Mechanisms underlying the shortening of the action potential at high and low stimulus rates in sheep Purkinje fibres

The shortening of the action potential of sheep Purkinje fibres at high and low rates of stimulation has been investigated. The shortening of the action potential at high rates can be entirely accounted for by incomplete recovery of the plateau conductances between beats. When sufficient time is allowed for membrane recovery, a prolongation of the action potential, rather than a shortening, occurs at high frequencies. The effect on electrical activity of increasing the stimulus frequency is similar to decreasing the bathing K concentration. The possibility of a reduction in the cleft K concentration at high frequencies is discussed.

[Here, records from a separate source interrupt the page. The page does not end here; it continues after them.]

(* Let $h\colon(0,\infty)\to(0,\infty)$ be non-decreasing and continuous, and let $\Theta$ be any one of $\Theta^0_h,\Theta^\infty_h,\Theta_h$. Then either $\lim_{r\to0^+}\Theta(r)=0$, or $\Theta(r)=1$ for every $r\in(0,1]$.
   Context: For $h\colon(0,\infty)\to(0,\infty)$ and $r>0$: $\Theta^0_h(r)=\limsup_{t\to0^+}h(rt)/h(t)$, $\Theta^\infty_h(r)=\limsup_{t\to\infty}h(rt)/h(t)$, $\Theta_h(r)=\sup_{t>0}h(rt)/h(t)$. *)

From mathcomp Require Import all_boot all_order all_algebra.
From mathcomp Require Import all_classical all_reals all_analysis.
Set Implicit Arguments. Unset Strict Implicit. Unset Printing Implicit Defensive.
Import Order.TTheory GRing.Theory Num.Theory numFieldNormedType.Exports.
Local Open Scope classical_set_scope.
Local Open Scope ring_scope.

Definition hratio (R : realType) (h : R -> R) (r t : R) : \bar R :=
  (h (r * t) / h t)%:E.

(* Theta^0_h(r) = limsup_{t->0+} h(rt)/h(t) = inf_{d>0} sup_{0<t<d} h(rt)/h(t) *)
Definition Theta0 (R : realType) (h : R -> R) (r : R) : \bar R :=
  ereal_inf [set ereal_sup [set hratio h r t | t in `]0, d[] | d in `]0, +oo[%classic].

(* Theta^oo_h(r) = limsup_{t->oo} h(rt)/h(t) = inf_{M>0} sup_{t>M} h(rt)/h(t) *)
Definition ThetaInf (R : realType) (h : R -> R) (r : R) : \bar R :=
  ereal_inf [set ereal_sup [set hratio h r t | t in `]M, +oo[] | M in `]0, +oo[%classic].

Definition Theta (R : realType) (h : R -> R) (r : R) : \bar R :=
  ereal_sup [set hratio h r t | t in `]0, +oo[%classic].

From mathcomp Require Import all_boot all_order all_algebra.
From mathcomp Require Import all_classical all_reals all_analysis.
Import Order.TTheory GRing.Theory Num.Theory numFieldNormedType.Exports.
Local Open Scope classical_set_scope.
Local Open Scope ring_scope.

(* Each of the three functions Θ is non-decreasing, takes values in [0, 1] on
   (0, 1] (monotonicity of h), and is submultiplicative there, because
   h(rst)/h(t) = h(r·st)/h(st) · h(st)/h(t).  If Θ(r) = c < 1 for one r ≤ 1,
   then Θ(r^n) ≤ c^n → 0, and monotonicity forces Θ → 0 at 0+; otherwise
   Θ = 1 on (0, 1]. *)

Section SubmultiplicativeDichotomy.
Variables (R : realType) (f : R -> \bar R).
Hypothesis f_ge0 : forall {r}, 0 < r -> (0 <= f r)%E.
Hypothesis f_le1 : forall {r}, 0 < r -> r <= 1 -> (f r <= 1)%E.
Hypothesis f_nondecreasing : forall {r s}, 0 < r -> r <= s -> (f r <= f s)%E.
Hypothesis f_submul : forall {r s}, 0 < r -> r <= 1 -> 0 < s -> s <= 1 ->
  (f (r * s) <= f r * f s)%E.

Lemma submul_expr r c n : 0 < r -> r <= 1 -> f r = c%:E ->
  (f (r ^+ n.+1) <= (c ^+ n.+1)%:E)%E.
Proof.
move=> r0 r1 frc; elim: n => [|n IHn]; first by rewrite !expr1 frc.
rewrite exprS [in leRHS]exprS EFinM -frc.
apply: le_trans (f_submul r0 r1 (exprn_gt0 _ r0) (exprn_ile1 _ (ltW r0) r1)) _.
by apply: lee_pmul => //; apply: f_ge0; rewrite // exprn_gt0.
Qed.

Lemma cvg_at_right0_ereal_inf :
  f r @[r --> 0^'+] --> ereal_inf [set f r | r in `]0, +oo[].
Proof.
apply: nondecreasing_at_right_cvge => //.
by move=> r s; rewrite !in_itv /= !andbT => r0 _; exact: f_nondecreasing.
Qed.

Lemma submul_dichotomy :
  (f r @[r --> 0^'+] --> 0%E) \/ (forall r, 0 < r -> r <= 1 -> f r = 1%E).
Proof.
have [f_eq1|] := pselect (forall r, 0 < r -> r <= 1 -> f r = 1%E); first by right.
move=> /existsNP[r /not_implyP[r0 /not_implyP[r1 /eqP fr_neq1]]].
left; have [fr0 fr1] := (f_ge0 r0, f_le1 r0 r1).
have frE : f r = (fine (f r))%:E.
  by rewrite fineK // ge0_fin_numE // (le_lt_trans fr1) ?ltry.
set c := fine (f r) in frE.
have c0 : 0 <= c by rewrite -lee_fin -frE.
have c1 : c < 1 by rewrite -lte_fin -frE lt_neqAle fr_neq1 fr1.
suff <- : ereal_inf [set f r | r in `]0, +oo[] = 0%E.
  exact: cvg_at_right0_ereal_inf.
apply/eqP; rewrite eq_le; apply/andP; split; last first.
  by apply: le_ereal_inf_tmp => _ [s + <-]; rewrite /= in_itv /= andbT; exact: f_ge0.
apply/lee_addgt0Pr => e e0; rewrite add0e.
have c_expr_cvg0 : c ^+ n @[n --> \oo] --> 0 by apply: cvg_expr; rewrite ger0_norm.
move/cvgrPdist_lt/(_ e e0): c_expr_cvg0 => [n _ cn_lt].
have cn_e : c ^+ n.+1 < e.
  by have := cn_lt n.+1 (leqnSn n); rewrite sub0r normrN ger0_norm ?exprn_ge0.
apply: ge_ereal_inf; exists (f (r ^+ n.+1)).
  by exists (r ^+ n.+1); rewrite // /= in_itv /= andbT exprn_gt0.
by apply: le_trans (submul_expr _ _ n r0 r1 frE) _; rewrite lee_fin ltW.
Qed.

End SubmultiplicativeDichotomy.

Lemma ereal_inf_ge_pmull (R : realType) (k : R) (x : \bar R) (S : set (\bar R)) :
  0 <= k -> S !=set0 -> (forall y, S y -> (x <= k%:E * y)%E) ->
  (x <= k%:E * ereal_inf S)%E.
Proof.
rewrite le_eqVlt => /predU1P[<- [y Sy] x_le|k0 _ x_le].
  by rewrite mul0e; have := x_le _ Sy; rewrite mul0e.
by rewrite -ereal_inf_pZl //; apply: le_ereal_inf_tmp => _ [y Sy <-]; exact: x_le.
Qed.

Lemma ereal_inf_ge_mul (R : realType) (x : \bar R) (A B : set (\bar R)) :
  A !=set0 -> B !=set0 ->
  (forall a, A a -> 0 <= a < +oo)%E -> (forall b, B b -> 0 <= b < +oo)%E ->
  (forall a b, A a -> B b -> x <= a * b)%E ->
  (x <= ereal_inf A * ereal_inf B)%E.
Proof.
move=> [a0 Aa0] B_neq0 A_fin B_fin x_le.
have finE (y : \bar R) : (0 <= y < +oo)%E -> y = (fine y)%:E.
  by move=> /andP[y0 yoo]; rewrite fineK // ge0_fin_numE.
have fine_ge0 (y : \bar R) : (0 <= y < +oo)%E -> 0 <= fine y.
  by move=> y_fin; rewrite -lee_fin -finE //; case/andP: y_fin.
have infA_fin : (0 <= ereal_inf A < +oo)%E.
  apply/andP; split; first by apply: le_ereal_inf_tmp => a /A_fin /andP[].
  by apply: le_lt_trans (ereal_inf_lbound Aa0) _; have /andP[] := A_fin _ Aa0.
rewrite (finE _ infA_fin); apply: ereal_inf_ge_pmull (fine_ge0 _ infA_fin) B_neq0 _.
move=> b Bb; rewrite -finE // muleC (finE _ (B_fin _ Bb)).
apply: ereal_inf_ge_pmull (fine_ge0 _ (B_fin _ Bb)) (ex_intro _ a0 Aa0) _.
by move=> a Aa; rewrite -finE ?B_fin // muleC; exact: x_le.
Qed.

(* Theta0, ThetaInf and Theta are all infima over [d] in [D] of suprema of
   h(rt)/h(t) over [t] in a window [W d].  [windows_shrink] lets the
   factorization of h(rst)/h(t) bound the sup at some [d] by the product of
   the sups at [d1] and [d2]. *)
Record admissible_windows (R : realType) (D : set R) (W : R -> set R) : Prop := {
  windows_index_neq0 : D !=set0;
  windows_gt0 : forall d t, D d -> W d t -> 0 < t;
  windows_neq0 : forall d, D d -> W d !=set0;
  windows_shrink : forall s, 0 < s -> s <= 1 -> forall d1 d2, D d1 -> D d2 ->
    exists2 d, D d & forall t, W d t -> W d1 (s * t) /\ W d2 t }.

Arguments windows_index_neq0 {R D W}.
Arguments windows_gt0 {R D W} _ {d t}.
Arguments windows_neq0 {R D W} _ {d}.
Arguments windows_shrink {R D W} _ {s} _ _ {d1 d2}.
Arguments admissible_windows {R}.

Section WindowedLimsup.
Variables (R : realType) (h : R -> R).
Hypothesis hpos : forall x, 0 < x -> 0 < h x.
Hypothesis hmono : forall x y, 0 < x -> x <= y -> h x <= h y.

Lemma hratio_ge0 r t : 0 < r -> 0 < t -> (0 <= hratio h r t)%E.
Proof.
by move=> r0 t0; rewrite lee_fin divr_ge0 // ltW // hpos // mulr_gt0.
Qed.

Lemma hratio_le r s t : 0 < r -> r <= s -> 0 < t -> (hratio h r t <= hratio h s t)%E.
Proof.
move=> r0 rs t0; rewrite lee_fin ler_pM2r ?invr_gt0 ?hpos //.
by apply: hmono; rewrite ?mulr_gt0 // ler_pM2r.
Qed.

Lemma hratio_le1 r t : 0 < r -> r <= 1 -> 0 < t -> (hratio h r t <= 1)%E.
Proof.
move=> r0 r1 t0; have := hratio_le _ _ _ r0 r1 t0.
by rewrite /hratio mul1r divff // gt_eqF // hpos.
Qed.

Lemma hratioM r s t : 0 < s * t ->
  hratio h (r * s) t = (hratio h r (s * t) * hratio h s t)%E.
Proof.
move=> st0; rewrite /hratio -EFinM [r * (s * t)]mulrA.
by rewrite [in RHS]mulrA divfK // gt_eqF // hpos.
Qed.

Definition window_sup (W : R -> set R) (r d : R) : \bar R :=
  ereal_sup [set hratio h r t | t in W d].

Definition window_limsup (D : set R) (W : R -> set R) (r : R) : \bar R :=
  ereal_inf [set window_sup W r d | d in D].

Variables (D : set R) (W : R -> set R).
Hypothesis DW : admissible_windows D W.

Lemma window_sup_ge0 r d : 0 < r -> D d -> (0 <= window_sup W r d)%E.
Proof.
move=> r0 Dd; have [t Wt] := windows_neq0 DW Dd.
apply: le_ereal_sup_tmp; exists (hratio h r t); first by exists t.
exact: hratio_ge0 (windows_gt0 DW Dd Wt).
Qed.

Lemma window_sup_le1 r d : 0 < r -> r <= 1 -> D d -> (window_sup W r d <= 1)%E.
Proof.
move=> r0 r1 Dd; apply: ge_ereal_sup => _ [t Wt <-].
exact: hratio_le1 (windows_gt0 DW Dd Wt).
Qed.

Lemma window_sup_submul r s d1 d2 : 0 < r -> 0 < s -> s <= 1 -> D d1 -> D d2 ->
  exists2 d, D d & (window_sup W (r * s) d <= window_sup W r d1 * window_sup W s d2)%E.
Proof.
move=> r0 s0 s1 Dd1 Dd2; have [d Dd Wd] := windows_shrink DW s0 s1 Dd1 Dd2.
exists d => //; apply: ge_ereal_sup => _ [t Wt <-].
have [W1st W2t] := Wd t Wt; have t0 := windows_gt0 DW Dd Wt.
have st0 : 0 < s * t by rewrite mulr_gt0.
rewrite hratioM //; apply: lee_pmul; rewrite ?hratio_ge0 //.
- by apply: ereal_sup_ubound; exists (s * t).
- by apply: ereal_sup_ubound; exists t.
Qed.

Lemma window_limsup_ge0 r : 0 < r -> (0 <= window_limsup D W r)%E.
Proof.
by move=> r0; apply: le_ereal_inf_tmp => _ [d Dd <-]; exact: window_sup_ge0.
Qed.

Lemma window_limsup_le1 r : 0 < r -> r <= 1 -> (window_limsup D W r <= 1)%E.
Proof.
move=> r0 r1; have [d Dd] := windows_index_neq0 DW.
apply: ge_ereal_inf; exists (window_sup W r d); first by exists d.
exact: window_sup_le1.
Qed.

Lemma window_limsup_nondecreasing r s : 0 < r -> r <= s ->
  (window_limsup D W r <= window_limsup D W s)%E.
Proof.
move=> r0 rs; apply: le_ereal_inf_tmp => _ [d Dd <-]; apply: ge_ereal_inf.
exists (window_sup W r d); first by exists d.
apply: ge_ereal_sup => _ [t Wt <-]; apply: le_ereal_sup_tmp.
exists (hratio h s t); first by exists t.
exact: hratio_le (windows_gt0 DW Dd Wt).
Qed.

Lemma window_limsup_submul r s : 0 < r -> r <= 1 -> 0 < s -> s <= 1 ->
  (window_limsup D W (r * s) <= window_limsup D W r * window_limsup D W s)%E.
Proof.
move=> r0 r1 s0 s1; have [d0 Dd0] := windows_index_neq0 DW.
have window_sup_fin x d : 0 < x -> x <= 1 -> D d -> (0 <= window_sup W x d < +oo)%E.
  move=> x0 x1 Dd; rewrite window_sup_ge0 //=.
  exact: le_lt_trans (window_sup_le1 _ _ x0 x1 Dd) (ltry _).
apply: ereal_inf_ge_mul.
- by exists (window_sup W r d0), d0.
- by exists (window_sup W s d0), d0.
- by move=> _ [d Dd <-]; exact: window_sup_fin.
- by move=> _ [d Dd <-]; exact: window_sup_fin.
move=> _ _ [d1 Dd1 <-] [d2 Dd2 <-].
have [d Dd le_sup] := window_sup_submul _ _ _ _ r0 s0 s1 Dd1 Dd2.
by apply: ge_ereal_inf; exists (window_sup W (r * s) d); first by exists d.
Qed.

Lemma window_limsup_dichotomy :
  (window_limsup D W r @[r --> 0^'+] --> 0%E) \/
  (forall r, 0 < r -> r <= 1 -> window_limsup D W r = 1%E).
Proof.
apply: submul_dichotomy.
- exact: window_limsup_ge0.
- exact: window_limsup_le1.
- exact: window_limsup_nondecreasing.
- exact: window_limsup_submul.
Qed.

End WindowedLimsup.

Arguments window_limsup {R}.
Arguments window_limsup_dichotomy {R h}.

Section Windows.
Variable R : realType.

Lemma admissible_windows_at0 :
  admissible_windows (`]0, +oo[%classic : set R) (fun d => `]0, d[%classic).
Proof.
split.
- by exists 1; rewrite /= in_itv /= andbT.
- by move=> d t _; rewrite /= in_itv /= => /andP[].
- move=> d; rewrite /= in_itv /= andbT => d0; exists (d / 2).
  by rewrite /= in_itv /= divr_gt0 //= ltr_pdivrMr // ltr_pMr // ltr1n.
move=> s s0 s1 d1 d2; rewrite /= !in_itv /= !andbT => d10 d20.
exists (Order.min d1 d2); first by rewrite /= in_itv /= andbT lt_min d10 d20.
move=> t; rewrite /= !in_itv /= lt_min => /andP[t0 /andP[td1 td2]].
rewrite t0 td2 mulr_gt0 //=; split => //.
by apply: le_lt_trans td1; rewrite ler_piMl // ltW.
Qed.

Lemma admissible_windows_atoo :
  admissible_windows (`]0, +oo[%classic : set R) (fun M => `]M, +oo[%classic).
Proof.
split.
- by exists 1; rewrite /= in_itv /= andbT.
- by move=> d t; rewrite /= !in_itv /= !andbT => d0 dt; exact: lt_trans dt.
- move=> d; rewrite /= in_itv /= andbT => d0; exists (d + 1).
  by rewrite /= in_itv /= andbT ltrDl ltr01.
move=> s s0 s1 d1 d2; rewrite /= !in_itv /= !andbT => d10 d20.
exists (Order.max (d1 / s) d2); first by rewrite /= in_itv /= andbT lt_max d20 orbT.
move=> t; rewrite /= !in_itv /= !andbT gt_max => /andP[t1 t2]; split => //.
by move: t1; rewrite ltr_pdivrMr // mulrC.
Qed.

Lemma admissible_windows_global :
  admissible_windows [set 0 : R] (fun=> `]0, +oo[%classic).
Proof.
split.
- by exists 0.
- by move=> _ t _; rewrite /= in_itv /= andbT.
- by move=> _ _; exists 1; rewrite /= in_itv /= andbT.
move=> s s0 _ _ _ _ _; exists 0 => // t; rewrite /= !in_itv /= !andbT => t0.
by rewrite mulr_gt0.
Qed.

End Windows.

Lemma Theta_window_limsup (R : realType) (h : R -> R) :
  Theta h = window_limsup h [set 0] (fun=> `]0, +oo[%classic).
Proof. by apply/funext => r; rewrite /window_limsup image_set1 ereal_inf1. Qed.

Theorem corollary4p6 (R : realType) (h : R -> R)
  (hpos : forall x : R, 0 < x -> 0 < h x)
  (hmono : forall x y : R, 0 < x -> x <= y -> h x <= h y)
  (hcont : {in `]0, +oo[%classic, continuous h})
  (Th : R -> \bar R)
  (hTh : Th = Theta0 h \/ Th = ThetaInf h \/ Th = Theta h) :
  (Th r @[r --> 0^'+] --> 0%E) \/
  (forall r : R, 0 < r -> r <= 1 -> Th r = 1%E).
Proof.
have dichotomy := window_limsup_dichotomy hpos hmono.
case: hTh => [->|[->|->]].
- exact: (dichotomy _ _ (admissible_windows_at0 R)).
- exact: (dichotomy _ _ (admissible_windows_atoo R)).
- rewrite Theta_window_limsup; exact: (dichotomy _ _ (admissible_windows_global R)).
Qed.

The shortening of the action potential at low rates is unaffected by 4-amino pyridine (a blocker of the transient outward current, i to ) is abolished by D600 (a blocker of the second inward current, i st ) and by a rise in the bathing Ca concentration. It is concluded that i si rather than i to is involved in action potential shortening at low rates. Action potential shortening at low rates is closely associated with declines in the maximum diastolic potential and the pacemaker potential; all of these changes are abolished by ouabain (a blocker of the Na-K pump). It is concluded that the shortening of the action potential at low rates may be the result of a decline in i si , which in turn is dependent on a decline in [Na] i . It is suggested that the rate-dependent changes in the maximum diastolic potential, pacemaker potential and tension are also related to [Na] i .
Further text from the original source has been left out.